Следователь кивнул понимающе и, пожелав Цанке успехов в труде, зашагал к только что начавшемуся строительству второго цеха, который уже возвышался над полем. Кран, медленно поднимая панели, подавал их, точно равные порции бисквита, здоровенным парням в спецовках и огромных рукавицах. Вытащив ключ из кармана, Климент постучал по бетону, плотно уложенному в фундамент. Тонко и живо отозвался ему бетон – это был голос железа, которое будет вековать, намертво вкопанное в землю, как якорь в скалу.

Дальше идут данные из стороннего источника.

(* Let $\alpha,\beta>0$, $a=1/\alpha$, $b=1/\beta$, $n\ge3$ and $1\le k\le n-2$. Let $S\in\overline{\mathcal{S}}_n$ be such that box $(n-k-1,k)$ is non-empty, and such that box $(n-k-1,k+1)$ or box $(n-k,k)$ is non-empty. Then $\mathbb{P}_{n,\alpha,\beta}(S)=O\!\left(\frac{1}{(n+a+b)^2}\right)$.
   Context: A staircase tableau of size $n$ has boxes $(i,j)$ with $i,j\ge1$ and $i+j\le n+1$, rows numbered from the top and columns from the left. An $\alpha/\beta$-staircase tableau of size $n$ is a filling in which each box is empty or contains $\alpha$ or $\beta$, such that: all boxes in the same column and above an $\alpha$ are empty; all boxes in the same row and to the left of a $\beta$ are empty; every main-diagonal box (with $i+j=n+1$) contains a symbol. $\overline{\mathcal{S}}_n$ is the set of these. The weight is $wt(S)=\alpha^{N_\alpha}\beta^{N_\beta}$ ($N_\alpha,N_\beta$ the numbers of $\alpha$'s, $\beta$'s), and $\mathbb{P}_{n,\alpha,\beta}(S)=wt(S)/\sum_{T\in\overline{\mathcal{S}}_n}wt(T)$. The boxes $(n-j-1,j)$, $1\le j\le n-2$, form the third main diagonal. *)

From HB Require Import structures.
From mathcomp Require Import all_boot all_order all_algebra.
From mathcomp Require Import reals.
Set Implicit Arguments. Unset Strict Implicit. Unset Printing Implicit Defensive.
Import Order.TTheory GRing.Theory Num.Theory.

(* A filling of the n x n square grid; entry p = (i', j') (0-indexed) stands
   for the box (i'+1, j'+1) (1-indexed, row i'+1 from the top, column j'+1
   from the left).  None = empty box, Some true = alpha, Some false = beta. *)
Definition filling (n : nat) := {ffun 'I_n * 'I_n -> option bool}.

Definition is_tableau (n : nat) (S : filling n) : bool :=
  [forall p : 'I_n * 'I_n,
    [&& (n.+1 < p.1.+1 + p.2.+1)%N ==> (S p == None),
        (S p == Some true) ==>
          [forall i' : 'I_n, (i' < p.1)%N ==> (S (i', p.2) == None)],
        (S p == Some false) ==>
          [forall j' : 'I_n, (j' < p.2)%N ==> (S (p.1, j') == None)] &
        (p.1.+1 + p.2.+1 == n.+1)%N ==> (S p != None)]].

Definition cell (n : nat) (S : filling n) (i j : nat) : option bool :=
  if (0 < i)%N && (0 < j)%N then
    match @insub _ (fun x => (x < n)%N) 'I_n i.-1,
          @insub _ (fun x => (x < n)%N) 'I_n j.-1 with
    | Some x, Some y => S (x, y)
    | _, _ => None
    end
  else None.

Local Open Scope ring_scope.

Definition wt (R : realType) (alpha beta : R) (n : nat) (S : filling n) : R :=
  alpha ^+ #|[set p | S p == Some true]| * beta ^+ #|[set p | S p == Some false]|.

Definition prob (R : realType) (alpha beta : R) (n : nat) (S : filling n) : R :=
  wt alpha beta S / \sum_(T : filling n | is_tableau T) wt alpha beta T.

From HB Require Import structures.
From mathcomp Require Import all_boot all_order all_algebra.
From mathcomp Require Import reals zify ring lra.
Set Implicit Arguments. Unset Strict Implicit. Unset Printing Implicit Defensive.
Import Order.TTheory GRing.Theory Num.Theory.

(* Cut a tableau into hooks, hook p being its p-th row together with the
   column that ends at the p-th diagonal box.  When the third-diagonal box
   (n-k-1, k) and one of its neighbours are filled, the hook through that
   neighbour holds exactly one alpha and one beta; deleting it moves the
   third-diagonal box next to the diagonal, so the hook through it also holds
   one alpha and one beta.  Hence wt(S) = (alpha beta)^2 wt(U) for a tableau U
   of size n - 2.  Conversely, inserting two such hooks into U at
   q = floor((n-2)/2) * ceil((n-2)/2) pairs of positions, told apart by the
   diagonal, gives q distinct tableaux of weight wt(S), and inserting
   two bare diagonal boxes gives tableaux of weights wt(S) a^2 and wt(S) b^2.
   So Z_n >= wt(S) max(1, q, a^2, b^2), and (n + a + b)^2 <= 3 (n^2 + a^2 + b^2)
   with n^2 <= 16 q + 9 gives P(S) <= 81 / (n + a + b)^2. *)

(* Hook coordinates: for s <= t < N, [h s t] is the box in row s + 1 and
   column N - t of a tableau of size N.  The main diagonal is s = t, boxes
   above (s, t) have the same t, and boxes to its left have larger t. *)
Definition hfill := nat -> nat -> option bool.

Definition is_htableau (N : nat) (h : hfill) : Prop :=
  forall s t, s <= t -> t < N ->
    [/\ s = t -> h s s != None,
        h s t = Some true -> forall s', s' < s -> h s' t = None &
        h s t = Some false -> forall t', t < t' -> t' < N -> h s t' = None].

Definition del_hook (h : hfill) p : hfill := fun s t => h (bump p s) (bump p t).

Definition hook_shape p (c v hb : bool) s t : option bool :=
  if s == p then (if t == p then Some c else if hb && (t == p.+1) then Some false else None)
  else if t == p then (if v && (s.+1 == p) then Some true else None) else None.

Definition ins_hook (h : hfill) p c v hb : hfill := fun s t =>
  if (s == p) || (t == p) then hook_shape p c v hb s t else h (unbump p s) (unbump p t).

Definition has_hook N (h : hfill) p c v hb := forall s t, s <= t -> t < N.+1 ->
  (s == p) || (t == p) -> h s t = hook_shape p c v hb s t.

Lemma htableau_del_hook N h p : is_htableau N.+1 h -> is_htableau N (del_hook h p).
Proof.
move=> Th s t st tN; rewrite /del_hook.
have [D A B] := Th (bump p s) (bump p t) ltac:(rewrite /bump; lia) ltac:(rewrite /bump; lia).
split.
- by move=> e; subst; apply: D.
- by move=> H s' s's; apply: A => //; rewrite /bump; lia.
- by move=> H t' tt' t'N; apply: B => //; rewrite /bump; lia.
Qed.

Lemma del_ins_hook h p c v hb s t : del_hook (ins_hook h p c v hb) p s t = h s t.
Proof. by rewrite /del_hook /ins_hook -!(eq_sym p) !(negbTE (neq_bump p _)) !bumpK. Qed.

Lemma htableau_ins_hook N h p (c v hb : bool) : is_htableau N h -> p <= N ->
  (v -> [/\ c = false, 0 < p & h p.-1 p.-1 = Some true]) ->
  (hb -> [/\ c = true, p < N & h p p = Some false]) ->
  is_htableau N.+1 (ins_hook h p c v hb).
Proof.
move=> Th pN Hv Hh s t st tN; rewrite /ins_hook /hook_shape /unbump.
case: (eqVneq s p) => [->|sp]; case: (eqVneq t p) => [->|tp] /=.
- split => //.
  + move=> cT s' s'p; rewrite (ltn_eqF s'p) /=.
    by case: v Hv => // /(_ isT) [cF _ _]; move: cT; rewrite cF.
  + move=> cF t' pt' t'N; rewrite (gtn_eqF pt') /=.
    by case: hb Hh => // /(_ isT) [cT _ _]; move: cF; rewrite cT.
- split => //.
  + by case: ifP.
  + case: ifP => // /andP [_ /eqP tE] _ t' tt' t'N.
    have -> : (t' == p) = false by lia.
    have -> : (t' == p.+1) = false by lia.
    by rewrite andbF.
- split => //.
  + by move=> e; subst; rewrite eqxx in sp.
  + case: ifP => // /andP [_ /eqP sE] _ s' s's.
    have -> : (s' == p) = false by lia.
    have -> : (s'.+1 == p) = false by lia.
    by rewrite andbF.
  + by case: ifP.
- have [D A B] := Th (s - (p < s)) (t - (p < t)) ltac:(lia) ltac:(lia).
  split.
  + by move=> e; subst; exact: D.
  + move=> H s' s's; case: (eqVneq s' p) => [Es'|s'p] /=; last by apply: A => //; lia.
    subst s'; case: ifP => // /andP [hbT /eqP tE].
    have [_ _ Hpp] := Hh hbT.
    have e1 : s - (p < s) = p by lia.
    have e2 : t - (p < t) = p by lia.
    by move: H; rewrite e1 e2 Hpp.
  + move=> H t' tt' t'N; case: (eqVneq t' p) => [Et'|t'p] /=; last by apply: B => //; lia.
    subst t'; case: ifP => // /andP [vT /eqP sE].
    have [_ p0 Hpp] := Hv vT.
    have e1 : s - (p < s) = p.-1 by lia.
    have e2 : t - (p < t) = p.-1 by lia.
    by move: H; rewrite e1 e2 Hpp.
Qed.

Definition count_sym (b : bool) N (h : hfill) : nat :=
  \sum_(s < N) \sum_(t < N) ((s <= t) && (h s t == Some b)).

Definition hook_count (b c v hb : bool) : nat := (c == b) + (hb && ~~ b) + (v && b).

Lemma hook_count_balanced b v : hook_count b (~~ v) v (~~ v) = 1.
Proof. by case: b; case: v. Qed.

Lemma count_sym_ext b N (h1 h2 : hfill) : h1 =2 h2 -> count_sym b N h1 = count_sym b N h2.
Proof. by move=> E; apply: eq_bigr => s _; apply: eq_bigr => t _; rewrite E. Qed.

Lemma big_ord_split_at N p (pN : p < N.+1) (F : 'I_N.+1 -> nat) :
  \sum_(t < N.+1) F t = F (Ordinal pN) + \sum_(t < N) F (lift (Ordinal pN) t).
Proof. by rewrite (bigD1_ord (Ordinal pN)). Qed.

Lemma count_sym_del_hook b N h p : p <= N ->
  count_sym b N.+1 h = count_sym b N (del_hook h p)
    + ((h p p == Some b)
       + \sum_(t < N) ((p <= bump p t) && (h p (bump p t) == Some b))
       + \sum_(s < N) ((bump p s <= p) && (h (bump p s) p == Some b))).
Proof.
move=> pN; have pN1 : p < N.+1 by [].
rewrite /count_sym (big_ord_split_at pN1) /= (big_ord_split_at pN1) /= leqnn /=.
rewrite [RHS]addnCA; congr (_ + _); rewrite addnC -big_split /=.
apply: eq_bigr => i _; rewrite (big_ord_split_at pN1) /=; congr (_ + _).
by apply: eq_bigr => j _; rewrite leq_bump2.
Qed.

Lemma sum_ord_and_eq N p (P : bool) : \sum_(t < N) (P && (t == p :> nat)) = P && (p < N).
Proof.
elim: N => [|N IH]; first by rewrite big_ord0 andbF.
by rewrite big_ord_recr /= {}IH; case: P; rewrite /= ?addn0; lia.
Qed.

Section HookCount.
Variables (b : bool) (N : nat) (h : hfill) (p : nat) (c v hb : bool).
Hypothesis hook_h : has_hook N h p c v hb.

Lemma has_hook_row_count : (hb -> p < N) ->
  \sum_(t < N) ((p <= bump p t) && (h p (bump p t) == Some b)) = hb && ~~ b.
Proof.
move=> Hb; have -> : nat_of_bool (hb && ~~ b) = \sum_(t < N) ((hb && ~~ b) && (t == p :> nat)).
  by rewrite sum_ord_and_eq; case: hb Hb => // /(_ isT) ->; rewrite andbT.
apply: eq_bigr => t _; have tN := ltn_ord t.
case: (leqP p (bump p t)) => pt /=; last first.
  by rewrite (_ : (t == p :> nat) = false) ?andbF //; rewrite /bump in pt; lia.
rewrite hook_h ?eqxx //= /hook_shape ?eqxx; last by rewrite /bump; lia.
rewrite -(eq_sym p) (negbTE (neq_bump p t)).
have -> : (bump p t == p.+1) = (t == p :> nat) by rewrite /bump; lia.
by case: hb {Hb}; case: b; case: (t == p :> nat).
Qed.

Lemma has_hook_column_count : p <= N -> (v -> 0 < p) ->
  \sum_(s < N) ((bump p s <= p) && (h (bump p s) p == Some b)) = v && b.
Proof.
move=> pN Hv; have -> : nat_of_bool (v && b) = \sum_(s < N) ((v && b) && (s == p.-1 :> nat)).
  by rewrite sum_ord_and_eq; case: v Hv => // /(_ isT) p0; rewrite (_ : p.-1 < N) ?andbT //; lia.
apply: eq_bigr => s _; have sN := ltn_ord s.
case: (leqP (bump p s) p) => ps /=; last first.
  case: v Hv => [/(_ isT) p0|_] //=.
  by rewrite (_ : (s == p.-1 :> nat) = false) ?andbF //; rewrite /bump in ps; lia.
rewrite hook_h ?eqxx ?orbT //= /hook_shape -(eq_sym p) (negbTE (neq_bump p s)) eqxx.
have -> : ((bump p s).+1 == p) = (s == p.-1 :> nat) by rewrite /bump in ps *; lia.
by case: v {Hv}; case: b; case: (s == p.-1 :> nat).
Qed.

Lemma count_sym_has_hook : p <= N -> (v -> 0 < p) -> (hb -> p < N) ->
  count_sym b N.+1 h = count_sym b N (del_hook h p) + hook_count b c v hb.
Proof.
move=> pN Hv Hb.
rewrite (count_sym_del_hook b h pN) has_hook_row_count // has_hook_column_count //.
rewrite hook_h ?leqnn ?eqxx //= /hook_shape eqxx.
by have -> : (Some c == Some b) = (c == b) by apply/eqP/eqP => [[]|->].
Qed.

End HookCount.

Lemma count_sym_ins_hook b N h p (c v hb : bool) : p <= N -> (v -> 0 < p) -> (hb -> p < N) ->
  count_sym b N.+1 (ins_hook h p c v hb) = count_sym b N h + hook_count b c v hb.
Proof.
move=> pN Hv Hb.
have Hh : has_hook N (ins_hook h p c v hb) p c v hb by move=> s t _ _; rewrite /ins_hook => ->.
by rewrite (count_sym_has_hook b Hh pN Hv Hb) (count_sym_ext _ _ (del_ins_hook h p c v hb)).
Qed.

Lemma diag_filled N g s : is_htableau N g -> s < N -> g s s = Some true \/ g s s = Some false.
Proof.
move=> Tg sN; have [D _ _] := Tg s s (leqnn s) sN.
by case: (g s s) (D erefl) => [[|]|] //= _; [left | right].
Qed.

(* A filled box next to the diagonal lies in a hook with exactly one alpha
   and one beta: the hook through its column if it is an alpha, the hook
   through its row if it is a beta. *)
Lemma adjacent_box_hook N g s x : is_htableau N.+1 g -> s < N -> g s s.+1 = Some x ->
  has_hook N g (s + x) (~~ x) x (~~ x).
Proof.
move=> Tg sN gx; have [_ A B] := Tg s s.+1 (leqnSn s) ltac:(lia).
case: x gx A B => gx A B /=.
- have [_ Ad Bd] := Tg s.+1 s.+1 (leqnn _) ltac:(lia).
  have dbeta : g s.+1 s.+1 = Some false.
    case: (@diag_filled _ _ s.+1 Tg ltac:(lia)) => // da.
    by move: gx; rewrite (Ad da s).
  rewrite addn1 => s' t s't tN; rewrite /hook_shape.
  case: (eqVneq s' s.+1) s't => [->|/eqP s's] s't /=.
  + by case: (eqVneq t s.+1) => [->|/eqP ts] //= _; apply: Bd => //; lia.
  + move=> /eqP Et; subst t; rewrite eqxx.
    case: (eqVneq s' s) => [->|/eqP s's'] /=; first by rewrite eqxx.
    have -> : (s'.+1 == s.+1) = false by lia.
    by apply: A => //; lia.
- have [_ Ad Bd] := Tg s s (leqnn _) ltac:(lia).
  have dalpha : g s s = Some true.
    case: (@diag_filled _ _ s Tg ltac:(lia)) => // db.
    by move: gx; rewrite (Bd db s.+1).
  rewrite addn0 => s' t s't tN; rewrite /hook_shape.
  case: (eqVneq s' s) s't => [->|/eqP s's] s't /=.
  + case: (eqVneq t s) => [->|ts] //= _.
    by case: (eqVneq t s.+1) => [->|/eqP ts'] //=; apply: B => //; lia.
  + move=> /eqP Et; subst t; rewrite eqxx.
    by apply: Ad => //; lia.
Qed.

Lemma count_sym_balanced_hook b N h p v : has_hook N h p (~~ v) v (~~ v) ->
  p <= N -> (v -> 0 < p) -> (~~ v -> p < N) ->
  count_sym b N.+1 h = (count_sym b N (del_hook h p)).+1.
Proof. by move=> Hh pN Hv Hb; rewrite (count_sym_has_hook b Hh) // hook_count_balanced addn1. Qed.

Неужели, думал Климент, дело здесь не в несчастном случае? Неужели это не нелепая случайность, которая может настигнуть тебя на улице, в саду или в собственном доме? Сколько раз в его практике бывало так, что самый, казалось бы, запутанный, таинственный на первый взгляд случай оборачивался обыкновенным происшествием. Скользкая дорога, рассеянность, нервозность, переоценка собственной ловкости и силы – и человек под колесами трамвая, или падает на асфальт с пятого этажа, или тонет в глубоком омуте. Может быть, инженер нечаянно упал в вязкое тесто бетона и тело его, сплющенное, замурованное, сохранится на вечные времена, словно насекомое, угодившее в мертвый капкан янтаря?.. А может быть, самоубийство? Но почему? У него были планы на жизнь – разумные и реальные планы, которым он следовал спокойно и методично... Был весел, любил женщин, обладал хорошим здоровьем и нормальной психикой. Где же тут причина для самоубийства? Но разве на все должна быть видимая причина? Недавно вот произошел случай: здоровый молодой человек, отец двоих детей, проводив гостей после хорошего ужина, возвратился домой и застрелился у себя в комнате. Почему? Может быть, без причин. Бывает, человек в деталях обсуждает с женой какую-либо мелкую покупку и колеблется и сомневается, как перед жизненно важным шагом. И вот этот же человек – или какой-нибудь другой – стреляется или глотает яд, когда все вокруг него так хорошо и весело, по крайней мере на первый взгляд. Непонятна человеческая душа, странны ее лабиринты, которые иногда вслепую выводят к смерти.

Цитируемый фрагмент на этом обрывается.